Huge Changes in the Next Week
A cool trough has covered much of the West this week keeping the Northwest wet and the Southwest cooler than normal. But things change dramatically over the next week.
The trough pulls east and north and is replaced by an unseasonably strong ridge building toward north and central California this weekend and holding into early next week. This is the GFS 500 mb pattern Sunday afternoon.
In the Northwest this is likely to shift the wet weather to the north of all areas except far northwest Washington by Sunday and Monday. Farther south the ridge will combine with offshore flow to bring a huge warm-up especially west of the mountains in central and southern California. By Sunday the Central Coastal Plain south to San Diego County have afternoon temperatures rising well into the 80s with a few spots around Los Angeles getting to near 90. Monday is likely to be the warmest day with upper 80s to near 90 south-central coast and upper 80s to lower 90s in the LA Basin and San Diego County.

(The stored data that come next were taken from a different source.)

(* Let $G$ be a finite simple graph of order $n$ whose adjacency matrix $A(G)$ is non-singular, and suppose $\bar d\le n-2\ln n-3$. Then $\mathcal{E}(G)\geq n-1+\bar{d}$, unless $G$ is isomorphic to the path $P_4$ or to the paw $H$.
   Context: For a finite simple graph $G$ with $n$ vertices and $m$ edges, $A(G)$ is its adjacency matrix with eigenvalues $\lambda_1\ge\cdots\ge\lambda_n$, and the energy is $\mathcal{E}(G)=\sum_{i=1}^n|\lambda_i|$. $G$ is non-singular if $A(G)$ is non-singular. $\bar d=2m/n$ is the average degree; $\ln$ is the natural logarithm. $P_4$ is the path on 4 vertices, and the paw $H$ is the graph on 4 vertices consisting of a triangle together with one extra vertex adjacent to exactly one vertex of the triangle. *)

From mathcomp Require Import all_boot all_order all_algebra.
From mathcomp Require Import all_classical all_reals all_analysis.
Set Implicit Arguments. Unset Strict Implicit. Unset Printing Implicit Defensive.
Import Order.TTheory GRing.Theory Num.Theory.
Local Open Scope ring_scope.

Definition simple_graph (n : nat) (e : rel 'I_n) : Prop :=
  symmetric e /\ irreflexive e.

Definition adjmx (R : nzRingType) (n : nat) (e : rel 'I_n) : 'M[R]_n :=
  \matrix_(i, j) (e i j)%:R.

Definition nedges (n : nat) (e : rel 'I_n) : nat :=
  #|[set p : 'I_n * 'I_n | e p.1 p.2 && (p.1 < p.2)%N]|.

Definition avg_deg (R : realType) (n : nat) (e : rel 'I_n) : R :=
  (2 * nedges e)%:R / n%:R.

(* lam is the list of eigenvalues (with multiplicity) of the square matrix A,
   i.e. char_poly A = prod_i (X - lam_i). *)
Definition is_spectrum (R : realType) (n : nat) (A : 'M[R]_n) (lam : 'I_n -> R) : Prop :=
  char_poly A = \prod_(i < n) ('X - (lam i)%:P).

Definition energy_of (R : realType) (n : nat) (lam : 'I_n -> R) : R :=
  \sum_(i < n) `|lam i|.

Definition graph_iso (n k : nat) (e : rel 'I_n) (e' : rel 'I_k) : Prop :=
  exists f : 'I_n -> 'I_k, bijective f /\ forall i j, e i j = e' (f i) (f j).

Definition P4 : rel 'I_4 :=
  fun i j => ((i : nat) == j.+1) || ((j : nat) == i.+1).

Definition paw_edge (a b : nat) : bool :=
  [|| (a == 0) && (b == 1), (a == 0) && (b == 2), (a == 1) && (b == 2)
    | (a == 2) && (b == 3)]%N.
Definition paw : rel 'I_4 :=
  fun i j => paw_edge i j || paw_edge j i.

(* Put x_i = |lambda_i|.  Since det A is a nonzero integer, prod_i x_i = |det A| >= 1,
   i.e. sum_i ln x_i >= 0, and sum_i x_i^2 = tr A^2 = 2m = n dbar.  Writing
   x = 1 + ln x + (x - 1 - ln x), the energy is at least n + sum_i (x_i - 1 - ln x_i).
   If one of these gaps exceeds dbar - 1 we are done.  Otherwise every gap is below
   n - 2 ln n - 4, and the monotonicity of t - 2 ln t on [2, oo) then yields
   (x_i - 1)^2 <= (n - 2) (x_i - 1 - ln x_i); summing over i and using
   sum_i ln x_i >= 0 gives sum_i x_i >= n - 1 + dbar.
   The excluded graphs P4 and the paw have n = 4, where n - 2 ln n - 3 < 0. *)

From mathcomp Require Import all_boot all_order all_algebra.
From mathcomp Require Import all_classical all_reals all_analysis.
From mathcomp Require Import ring lra.
Set Implicit Arguments.
Unset Strict Implicit.
Unset Printing Implicit Defensive.

Import Order.TTheory GRing.Theory Num.Theory.
Local Open Scope ring_scope.

Section LnBounds.
Variable R : realType.
Implicit Types a b t x y : R.

Lemma ln_le_subr1 x : 0 < x -> ln x <= x - 1.
Proof. by move=> x0; have := @le_ln1Dx R (x - 1); rewrite addrCA subrr addr0; apply; lra. Qed.

Lemma subr1V_le_ln x : 0 < x -> 1 - x^-1 <= ln x.
Proof. by move=> x0; have := @ln_le_subr1 x^-1; rewrite invr_gt0 lnV ?posrE //; lra. Qed.

Lemma ln_prod (I : Type) (r : seq I) (P : pred I) (f : I -> R) :
  (forall i, P i -> 0 < f i) ->
  ln (\prod_(i <- r | P i) f i) = \sum_(i <- r | P i) ln (f i).
Proof.
move=> f_gt0.
suff [] : 0 < \prod_(i <- r | P i) f i /\
          ln (\prod_(i <- r | P i) f i) = \sum_(i <- r | P i) ln (f i) by [].
apply: (big_rec2 (fun a b => 0 < a /\ ln a = b)); first by rewrite ln1.
by move=> i a b Pi [a0 <-]; rewrite mulr_gt0 ?f_gt0 // lnM ?posrE ?f_gt0.
Qed.

Lemma ler_sub2ln a b : 2 <= a -> a <= b -> a - 2 * ln a <= b - 2 * ln b.
Proof.
move=> a2 ab; have a0 : 0 < a by lra.
have := ln_le_subr1 (divr_gt0 (lt_le_trans a0 ab) a0).
rewrite ln_div ?posrE; try lra.
have aV : a * a^-1 = 1 by rewrite mulfV ?gt_eqF.
have aV_le : a^-1 <= 2^-1 by rewrite lef_pV2 ?posrE //; lra.
have : 0 <= (b - a) * (1 - 2 * a^-1) by apply: mulr_ge0; lra.
nra.
Qed.

Lemma natr_ge6_of_sub2ln_gt4 (n : nat) : 4 < n%:R - 2 * ln (n%:R : R) -> 6 <= (n%:R : R).
Proof.
case: n => [|n]; first by rewrite ln0 //; lra.
set N := (n.+1%:R : R) => hN; rewrite leNgt; apply/negP => N6.
have N5 : N <= 5 by rewrite ler_nat -ltnS -(ltr_nat R).
have N1 : 1 <= N by rewrite ler1n.
(* On [1, 5], N - 2 ln N <= N - 2 + 2 / N <= 4. *)
have := subr1V_le_ln (lt_le_trans ltr01 N1).
have NV_ge0 : 0 <= N^-1 by rewrite invr_ge0; lra.
have : 0 <= N^-1 * ((N - 1) * (5 - N)) by rewrite mulr_ge0 // mulr_ge0; lra.
have -> : N^-1 * ((N - 1) * (5 - N)) = 6 - N - 5 * N^-1 by field; lra.
set w := N^-1 in NV_ge0 *; lra.
Qed.

Lemma sqr_subr1_le_ln_small x : 0 < x -> x <= 1 -> (x - 1) ^+ 2 <= 4 * (x - 1 - ln x).
Proof.
move=> x0 x1; set s := Num.sqrt x.
have s0 : 0 < s by rewrite sqrtr_gt0.
have xs : x = s ^+ 2 by rewrite sqr_sqrtr // ltW.
have s1 : s <= 1 by nra.
have := ln_le_subr1 s0.
rewrite xs lnXn // -mulr_natl => ls.
have : 0 <= (s - 1) ^+ 2 * (4 - (s + 1) ^+ 2) by rewrite mulr_ge0 ?sqr_ge0 //; nra.
nra.
Qed.

Lemma exists_root4_ge1 x : 1 <= x -> exists2 y, 1 <= y & x = y ^+ 4.
Proof.
have sqrt_ge1 z : 1 <= z -> 1 <= Num.sqrt z by move=> z1; rewrite -sqrtr1 ler_sqrt; lra.
move=> x1; exists (Num.sqrt (Num.sqrt x)); first by apply/sqrt_ge1/sqrt_ge1.
by rewrite (exprM _ 2 2) !sqr_sqrtr ?sqrtr_ge0 //; lra.
Qed.

Lemma sqr_ln_le x : 1 <= x -> (x + 1) * ln x ^+ 2 <= (2 * x + 4) * (x - 1 - ln x).
Proof.
(* With x = y ^+ 4 we have ln x <= 4 (y - 1), which reduces the claim to a polynomial
   inequality in y. *)
move=> x1; have [y y1 xy] := exists_root4_ge1 x1.
have y0 : 0 < y by exact: lt_le_trans ltr01 y1.
set l := ln x; have l0 : 0 <= l by exact: ln_ge0.
have lm : l <= 4 * (y - 1).
  by have := ln_le_subr1 y0; rewrite /l xy lnXn // -mulr_natl; lra.
have poly : 16 * (x + 1) <= (2 * x + 4) * (y ^+ 2 + 2 * y + 3).
  rewrite -subr_ge0 xy; set z := y - 1; have z0 : 0 <= z by rewrite /z; lra.
  have -> : (2 * y ^+ 4 + 4) * (y ^+ 2 + 2 * y + 3) - 16 * (y ^+ 4 + 1) =
    4 + 8 * z + 14 * z ^+ 2 + 40 * z ^+ 3 + 40 * z ^+ 4 + 16 * z ^+ 5 + 2 * z ^+ 6.
    by rewrite /z; ring.
  have := exprn_ge0 2 z0; have := exprn_ge0 3 z0; have := exprn_ge0 4 z0.
  have := exprn_ge0 5 z0; have := exprn_ge0 6 z0.
  lra.
have x1e : x - 1 = (y - 1) ^+ 2 * (y ^+ 2 + 2 * y + 3) + 4 * (y - 1) by rewrite xy; ring.
have : 0 <= (4 * (y - 1) - l) * ((x + 1) * (4 * (y - 1) + l) + (2 * x + 4)).
  by apply: mulr_ge0; nra.
have := sqr_ge0 (y - 1).
nra.
Qed.

Lemma sqr_subr1_le_ln_large t x : 2 <= t -> 1 < x ->
  x - 1 - ln x + 4 < t - 2 * ln t -> (x - 1) ^+ 2 <= (t - 2) * (x - 1 - ln x).
Proof.
move=> t2 x1 ht; set l := ln x in ht *; set u := x - 1 - l in ht *.
have l0 : 0 < l by exact: ln_gt0.
have x1_gt0 : 0 < x + 1 by lra.
have lu : (x + 1) * l ^+ 2 <= (2 * x + 4) * u by exact: sqr_ln_le (ltW x1).
have u0 : 0 < u.
  have : 0 < (x + 1) * l ^+ 2 by rewrite mulr_gt0 ?exprn_gt0.
  nra.
(* For t = t0 the claim is an equality; as t - 2 ln t increases on [2, oo), it is
   enough to show t0 - 2 ln t0 <= u + 4. *)
pose t0 := x + 1 + l + l ^+ 2 / u.
have sqr_eq : (x - 1) ^+ 2 = (t0 - 2) * u by rewrite /t0 /u; field; exact: lt0r_neq0.
have t0_ge : x + 1 <= t0 by rewrite /t0 -addrA lerDl addr_ge0 ?divr_ge0 ?sqr_ge0 //; lra.
have ratio : l ^+ 2 / u <= 2 + 2 / (x + 1).
  have -> : 2 + 2 / (x + 1) = (x + 1)^-1 * (2 * x + 4) by field; exact: lt0r_neq0.
  by rewrite ler_pdivrMr // -mulrA ler_pdivlMl.
have ln_t0 : l + 1 - x / t0 <= ln t0.
  have t0x : 0 < t0 / x by rewrite divr_gt0; lra.
  by have := subr1V_le_ln t0x; rewrite ln_div ?posrE ?invf_div -/l; lra.
have x_t0 : x / t0 <= 1 - 1 / (x + 1).
  have -> : 1 - 1 / (x + 1) = x / (x + 1) by field; exact: lt0r_neq0.
  by rewrite ler_pM2l ?lef_pV2 ?posrE; lra.
rewrite sqr_eq ler_pM2r // lerD2r leNgt; apply/negP => t_lt.
have := ler_sub2ln t2 (ltW t_lt).
have t0E : t0 = x + 1 + l + l ^+ 2 / u by [].
have uE : u = x - 1 - l by [].
lra.
Qed.

Lemma sqr_subr1_le_ln t x : 6 <= t -> 0 < x ->
  x - 1 - ln x + 4 < t - 2 * ln t -> (x - 1) ^+ 2 <= (t - 2) * (x - 1 - ln x).
Proof.
move=> t6 x0 ht; have [x1|x1] := lerP x 1; last by apply: sqr_subr1_le_ln_large => //; lra.
have := ln_le_subr1 x0; have := sqr_subr1_le_ln_small x0 x1.
nra.
Qed.

Lemma sum_ge_sub1_add_mean_sqr (n : nat) (x : 'I_n -> R) :
  (forall i, 0 < x i) -> 1 <= \prod_i x i ->
  (\sum_i x i ^+ 2) / n%:R <= n%:R - 2 * ln (n%:R : R) - 3 ->
  n%:R - 1 + (\sum_i x i ^+ 2) / n%:R <= \sum_i x i.
Proof.
case: n x => [|n] x x_gt0 prod_ge1; first by rewrite !big_ord0 mul0r; lra.
set N := (n.+1%:R : R); set S := \sum_i x i ^+ 2; set d := S / N => d_le.
have N0 : 0 < N by rewrite ltr0n.
have gap_ge0 i : 0 <= x i - 1 - ln (x i) by have := ln_le_subr1 (x_gt0 i); lra.
have sum_ln_ge0 : 0 <= \sum_i ln (x i) by rewrite -ln_prod // ln_ge0.
have sum1 : \sum_(i < n.+1) 1 = N by rewrite sumr_const card_ord.
have sum_x : \sum_i x i = \sum_i (x i - 1 - ln (x i)) + \sum_i ln (x i) + N.
  by rewrite -sum1 -!big_split /=; apply: eq_bigr => i _; ring.
have [/existsP [j gap_j]|small_gaps] := boolP [exists j, d - 1 <= x j - 1 - ln (x j)].
  have : x j - 1 - ln (x j) <= \sum_i (x i - 1 - ln (x i)).
    by rewrite (bigD1 j) //= lerDl sumr_ge0.
  lra.
have gap_lt i : x i - 1 - ln (x i) + 4 < N - 2 * ln N.
  by move/existsPn/(_ i): small_gaps; rewrite -ltNge; lra.
have N6 : 6 <= N by apply: natr_ge6_of_sub2ln_gt4; have := gap_lt ord0; have := gap_ge0 ord0; lra.
have ln_le i : (N - 2) * ln (x i) <= N * x i - x i ^+ 2 - N + 1.
  by have := sqr_subr1_le_ln N6 (x_gt0 i) (gap_lt i); nra.
have sum_ln_le : (N - 2) * \sum_i ln (x i) <= \sum_i (N * x i - x i ^+ 2 - N + 1).
  by rewrite mulr_sumr; apply: ler_sum => i _; exact: ln_le.
have sum_rhs : \sum_i (N * x i - x i ^+ 2 - N + 1) = N * \sum_i x i - S - N * N + N.
  by rewrite big_split /= !sumrB -mulr_sumr !sumr_const card_ord -mulr_natr.
have dN : d * N = S by rewrite /d mulfVK // gt_eqF.
have : 0 <= (N - 2) * \sum_i ln (x i) by apply: mulr_ge0; lra.
rewrite -(ler_pM2r N0); nra.
Qed.

End LnBounds.

Lemma horner_char_poly (R : comNzRingType) n (A : 'M[R]_n) t :
  (char_poly A).[t] = \det (t%:M - A).
Proof.
rewrite /char_poly -horner_evalE -det_map_mx; congr (\det _).
by apply/matrixP => i j; rewrite !mxE /= horner_evalE hornerD hornerN hornerMn hornerX hornerC.
Qed.

Lemma prod_XsubC_enum (R : nzRingType) (I : finType) (f : I -> R) :
  \prod_i ('X - (f i)%:P) = \prod_(x <- map f (enum I)) ('X - x%:P).
Proof. by rewrite big_map enumT. Qed.

Lemma det_split_char_poly (R : comNzRingType) n (A : 'M[R]_n) (lam : 'I_n -> R) :
  char_poly A = \prod_i ('X - (lam i)%:P) -> \det A = \prod_i lam i.
Proof.
move=> A_split; have := char_poly_det A.
rewrite A_split prod_XsubC_enum coef0_prod_XsubC size_map size_enum_ord big_map enumT.
by move/(congr1 ( *%R ((-1) ^+ n))); rewrite !signrMK => ->.
Qed.

Lemma char_poly_sqr_split (R : numDomainType) n (A : 'M[R]_n) (lam : 'I_n -> R) :
  char_poly A = \prod_i ('X - (lam i)%:P) ->
  char_poly (A *m A) = \prod_i ('X - (lam i ^+ 2)%:P).
Proof.
move=> A_split; set P := char_poly _; set Q := \prod_i _.
have det_addr s : \det (s%:M + A) = \prod_i (s + lam i).
  have -> : s%:M + A = (-1) *: ((- s)%:M - A) by rewrite scaleN1r opprB raddfN opprK addrC.
  rewrite detZ -horner_char_poly A_split horner_prod -[n in (-1) ^+ n]card_ord -prodr_const.
  by rewrite -big_split; apply: eq_bigr => i _; rewrite /= hornerXsubC; ring.
have PQ_sqr s : P.[s ^+ 2] = Q.[s ^+ 2].
  have -> : P.[s ^+ 2] = \det ((s%:M - A) *m (s%:M + A)).
    by rewrite horner_char_poly mulmxDr !mulmxBl -scalar_mxM scalar_mxC addrA subrK expr2.
  rewrite det_mulmx -horner_char_poly A_split det_addr /Q !horner_prod -big_split /=.
  by apply: eq_bigr => i _; rewrite !hornerXsubC; ring.
(* P - Q vanishes at the infinitely many squares k ^+ 2 of naturals. *)
apply/eqP; rewrite -subr_eq0; apply/eqP.
apply: (@roots_geq_poly_eq0 _ _ [seq k%:R ^+ 2 | k <- iota 0 (size (P - Q))]).
- by apply/allP => _ /mapP [k _ ->]; rewrite /root hornerD hornerN PQ_sqr subrr.
- rewrite map_inj_uniq ?iota_uniq // => k l /eqP.
  by rewrite -!natrX eqr_nat eqn_sqr => /eqP.
- by rewrite size_map size_iota.
Qed.

Lemma mxtrace_sqr_split (R : numDomainType) n (A : 'M[R]_n) (lam : 'I_n -> R) :
  char_poly A = \prod_i ('X - (lam i)%:P) -> \tr (A *m A) = \sum_i lam i ^+ 2.
Proof.
case: n A lam => [|n] A lam A_split; first by rewrite /mxtrace !big_ord0.
have := char_poly_trace (A *m A) (ltn0Sn n).
rewrite (char_poly_sqr_split A_split) prod_XsubC_enum.
have := @coefPn_prod_XsubC _ [seq lam i ^+ 2 | i <- enum 'I_n.+1].
by rewrite size_map size_enum_ord => -> // /eqP; rewrite eqr_opp big_map enumT => /eqP <-.
Qed.

Lemma adjmx_intr (R : nzRingType) n (e : rel 'I_n) : adjmx R e = map_mx intr (adjmx int e).
Proof. by apply/matrixP => i j; rewrite !mxE; case: (e i j). Qed.

Lemma norm_det_adjmx_ge1 (R : archiNumDomainType) n (e : rel 'I_n) :
  \det (adjmx R e) != 0 -> 1 <= `|\det (adjmx R e)|.
Proof. by rewrite adjmx_intr det_map_mx; apply: norm_intr_ge1 (intr_int _ _). Qed.

Lemma card_adjacent_pairs n (e : rel 'I_n) : simple_graph e ->
  #|[set p : 'I_n * 'I_n | e p.1 p.2]| = (2 * nedges e)%N.
Proof.
case=> e_sym e_irr; set L := [set p : 'I_n * 'I_n | e p.1 p.2 && (p.1 < p.2)%N].
pose swap (p : 'I_n * 'I_n) := (p.2, p.1).
have swapK : involutive swap by case.
have -> : [set p | e p.1 p.2] = L :|: swap @^-1: L.
  apply/setP => -[i j]; rewrite !inE /= (e_sym j i).
  by case: ltngtP => [| |/val_inj ->]; rewrite ?andbT ?andbF ?orbF ?e_irr.
rewrite cardsU card_preimset; last exact: inv_inj.
have -> : L :&: swap @^-1: L = finset.set0.
  by apply/setP => -[i j]; rewrite !inE /=; case: ltngtP; rewrite ?andbF.
by rewrite cards0 subn0 addnn -mul2n.
Qed.

Lemma mxtrace_adjmx_sqr (R : nzRingType) n (e : rel 'I_n) : simple_graph e ->
  \tr (adjmx R e *m adjmx R e) = (2 * nedges e)%:R.
Proof.
move=> e_simple; rewrite -card_adjacent_pairs // -sum1_card natr_sum big_mkcond /=.
rewrite /mxtrace (eq_bigr (fun i => \sum_j adjmx R e i j * adjmx R e j i)) => [|i _];
  last by rewrite mxE.
rewrite pair_big; apply: eq_bigr => -[i j] _ /=.
by rewrite !mxE inE /= (proj1 e_simple j i); case: (e i j); rewrite ?mulr1 ?mulr0.
Qed.

Theorem theorem3p3 (R : realType) (n : nat) (e : rel 'I_n) :
  simple_graph e ->
  \det (adjmx R e) != 0 ->
  avg_deg R e <= n%:R - 2 * ln (n%:R : R) - 3 ->
  ~ graph_iso e P4 -> ~ graph_iso e paw ->
  forall lam : 'I_n -> R, is_spectrum (adjmx R e) lam ->
    (n%:R - 1) + avg_deg R e <= energy_of lam.
Proof.
move=> e_simple det_neq0 avg_le _ _ lam A_split.
have det_eq := det_split_char_poly A_split.
have lam_gt0 i : 0 < `|lam i|.
  rewrite normr_gt0; apply: contraNneq det_neq0 => lam_i0.
  by rewrite det_eq (bigD1 i) //= lam_i0 mul0r.
have prod_ge1 : 1 <= \prod_i `|lam i| by rewrite -normr_prod -det_eq norm_det_adjmx_ge1.
have sum_sqr : \sum_i `|lam i| ^+ 2 = (2 * nedges e)%:R.
  rewrite -(mxtrace_adjmx_sqr R e_simple) (mxtrace_sqr_split A_split).
  by apply: eq_bigr => i _; rewrite real_normK ?num_real.
rewrite /avg_deg /energy_of -sum_sqr in avg_le *.
exact: sum_ge_sub1_add_mean_sqr.
Qed.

Though it won’t be as dramatic it warms nicely too around the Bay Area, Central Valley and the deserts.
Later next week another huge change looks likely, to colder, wet, and even snowy weather. A strong, cold, upper level trough drops south in the West from just off the Washington Coast Thursday down to California by Friday into next weekend. This spread much colder air south along with some rain and lowering snow levels. Here is how the GFS is forecasting the 500 mb pattern to look like next Friday afternoon.
The models have not been consistent the last few days of where this trough develops, yesterday they had it farther east in the Great Basin. But they have been fairly consistent in predicting a big temperature change. If the current scenario works out then it will be quite a bit colder with rather low snow levels, first in the Cascades but spreading south through California.